The government makes no serious effort to distinguish these decisions,
but it simply maintains that they "were wrongly decided; and the Service has never acquiesced in these decisions" (Memorandum, p. 16).
The plain fact is that plaintiffs here meet the standards applied by federal courts and the IRS itself in determining whether a charitable organization is operated exclusively for charitable purposes. They engage in no legislative lobbying, political activities, or public relations which might cast doubt on their charitable purposes. The record does not reveal that they have engaged in financial transactions designed to benefit the members of the organizations or the organizations themselves, activities in the nature of a patient-referral service, or other potential money-making activities designed to benefit members or participants.

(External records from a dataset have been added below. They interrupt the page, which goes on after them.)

(* Let $A$ be the bilinear form on $V_{\vec\lambda}\times V_{\vec\lambda}$ defined by \[ A((\vec\lambda,\vec\phi),(\vec\mu,\vec\psi))=-\sum_{\mathfrak n\in\mathcal N\setminus\mathcal N_{\mathrm D}}\Big[[\![\vec N_{\mathfrak e}(\vec\lambda_{\mathfrak n},\vec\phi_{\mathfrak n})\nu_{\mathfrak e}]\!]_{\mathfrak n}\cdot\vec\mu_{\mathfrak n}+[\![\vec M_{\mathfrak e}(\vec\lambda_{\mathfrak n},\vec\phi_{\mathfrak n})\nu_{\mathfrak e}]\!]_{\mathfrak n}\cdot\vec\psi_{\mathfrak n}\Big]. \] Then for all $(\vec\lambda,\vec\phi),(\vec\mu,\vec\psi)\in V_{\vec\lambda}\times V_{\vec\lambda}$, \[ A((\vec\lambda,\vec\phi),(\vec\mu,\vec\psi))=\sum_{\mathfrak e\in\mathcal E}\Big[(C_{\vec n}^{-1}\vec N_{\mathfrak e}(\vec\lambda_{\mathfrak n},\vec\phi_{\mathfrak n}),\vec N_{\mathfrak e}(\vec\mu_{\mathfrak n},\vec\psi_{\mathfrak n}))_{\mathfrak e}+(C_{\vec m}^{-1}\vec M_{\mathfrak e}(\vec\lambda_{\mathfrak n},\vec\phi_{\mathfrak n}),\vec M_{\mathfrak e}(\vec\mu_{\mathfrak n},\vec\psi_{\mathfrak n}))_{\mathfrak e}\Big]. \] Consequently $A$ is symmetric and positive definite on $V_{\vec\lambda}\times V_{\vec\lambda}$, and for every linear functional $F$ on $V_{\vec\lambda}\times V_{\vec\lambda}$ the problem of finding $(\vec\lambda,\vec\phi)\in V_{\vec\lambda}\times V_{\vec\lambda}$ with $A((\vec\lambda,\vec\phi),(\vec\mu,\vec\psi))=F((\vec\mu,\vec\psi))$ for all $(\vec\mu,\vec\psi)\in V_{\vec\lambda}\times V_{\vec\lambda}$ has a unique solution.
   Context: $\mathcal G=(\mathcal N,\mathcal E)$ is a finite connected graph embedded in $\mathbb R^3$: nodes are distinct points of $\mathbb R^3$, each edge $\mathfrak e$ is the straight segment joining two distinct nodes $\mathfrak n_k,\mathfrak n_\ell$ ($k<\ell$), with length $h_{\mathfrak e}=|\mathfrak n_\ell-\mathfrak n_k|$, direction $\vec i_{\mathfrak e}=(\mathfrak n_\ell-\mathfrak n_k)/h_{\mathfrak e}$, and scalar normals $\nu_{\mathfrak e}(\mathfrak n_k)=-1$, $\nu_{\mathfrak e}(\mathfrak n_\ell)=+1$; $\mathfrak n\sim\mathfrak e$ means $\mathfrak n$ is an endpoint of $\mathfrak e$. On each edge, $x$ is the arclength coordinate increasing in direction $\vec i_{\mathfrak e}$, $\partial_x$ its derivative, $\times$ the cross product. $C_{\vec n},C_{\vec m}$ are symmetric $\mathbb R^{3\times3}$-valued functions on the edges with uniform bounds $\alpha_{\vec n}|\xi|^2\le (C_{\vec n}\xi)\cdot\xi\le\beta_{\vec n}|\xi|^2$, $\alpha_{\vec m}|\xi|^2\le (C_{\vec m}\xi)\cdot\xi\le\beta_{\vec m}|\xi|^2$ for constants $0<\alpha,\beta<\infty$. Notation: $(\vec v,\vec w)_{\mathfrak e}=\int_{\mathfrak e}\vec v\cdot\vec w\,\mathrm d\sigma$; $\langle\vec p,\vec q\rangle_{\mathfrak e}=\sum_{\mathfrak n\sim\mathfrak e}\vec p(\mathfrak n)\cdot\vec q(\mathfrak n)$, also applied to nodal quantities. Local solver: for an edge $\mathfrak e$, nodal data $\vec u_{\mathfrak n},\vec r_{\mathfrak n}\in\mathbb R^3$ at its two endpoints, and $\vec f_{\mathfrak e},\vec g_{\mathfrak e}\in(L^2(\mathfrak e))^3$, there is a unique $\vec u_{\mathfrak e},\vec r_{\mathfrak e}\in(L^2(\mathfrak e))^3$, $\vec n_{\mathfrak e},\vec m_{\mathfrak e}\in(H^1(\mathfrak e))^3$ with, for all $\vec p,\vec q\in(H^1(\mathfrak e))^3$, $\vec v,\vec w\in(L^2(\mathfrak e))^3$: $-(C_{\vec n}^{-1}\vec n_{\mathfrak e},\vec p)_{\mathfrak e}+(\vec u_{\mathfrak e},\partial_x\vec p)_{\mathfrak e}-(\vec i_{\mathfrak e}\times\vec r_{\mathfrak e},\vec p)_{\mathfrak e}=\langle\vec u_{\mathfrak n},\vec p\,\nu_{\mathfrak e}\rangle_{\mathfrak e}$; $-(C_{\vec m}^{-1}\vec m_{\mathfrak e},\vec q)_{\mathfrak e}+(\vec r_{\mathfrak e},\partial_x\vec q)_{\mathfrak e}=\langle\vec r_{\mathfrak n},\vec q\,\nu_{\mathfrak e}\rangle_{\mathfrak e}$; $(\partial_x\vec n_{\mathfrak e},\vec v)_{\mathfrak e}=(\vec f_{\mathfrak e},\vec v)_{\mathfrak e}$; $(\vec i_{\mathfrak e}\times\vec n_{\mathfrak e},\vec w)_{\mathfrak e}+(\partial_x\vec m_{\mathfrak e},\vec w)_{\mathfrak e}=(\vec g_{\mathfrak e},\vec w)_{\mathfrak e}$. With $\vec f_{\mathfrak e}=\vec g_{\mathfrak e}=0$, write $\vec N_{\mathfrak e}(\vec u_{\mathfrak n},\vec r_{\mathfrak n})=\vec n_{\mathfrak e}$ and $\vec M_{\mathfrak e}(\vec u_{\mathfrak n},\vec r_{\mathfrak n})=\vec m_{\mathfrak e}$ (the argument meaning the data at both endpoints of $\mathfrak e$). A nonempty set $\mathcal N_{\mathrm D}\subset\mathcal N$ of Dirichlet nodes is fixed, and $V_{\vec\lambda}$ is the space of maps $\vec\lambda:\mathcal N\to\mathbb R^3$, $\mathfrak n\mapsto\vec\lambda_{\mathfrak n}$, with $\vec\lambda_{\mathfrak n}=0$ for $\mathfrak n\in\mathcal N_{\mathrm D}$. For edge quantities $q_{\mathfrak e}$ with values at endpoints, $[\![q_{\mathfrak e}]\!]_{\mathfrak n}=\sum_{\mathfrak e\sim\mathfrak n}q_{\mathfrak e}(\mathfrak n)$ (sum over edges adjacent to $\mathfrak n$, with $\nu_{\mathfrak e}$ evaluated at $\mathfrak n$). *)

From HB Require Import structures.
From mathcomp Require Import all_boot all_order all_algebra.
From mathcomp Require Import all_classical all_reals all_analysis.
Set Implicit Arguments. Unset Strict Implicit. Unset Printing Implicit Defensive.
Import Order.TTheory GRing.Theory Num.Theory.
Import numFieldNormedType.Exports.
Local Open Scope classical_set_scope.
Local Open Scope ring_scope.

Any benefits which might accrue to participants in the PSRO program are wholly of an incidental nature, and not inconsistent with the charitable purposes and operations of the plaintiff organizations. The plaintiffs' activities are performed in accordance with federal law and are in the public interest.
The Court finds no proper basis for the Internal Revenue Service's denial of plaintiffs' application for tax exemption pursuant to section 501(c)(3), and it will enter, concomitant with this Opinion, an Order declaring plaintiffs' right to such an exemption.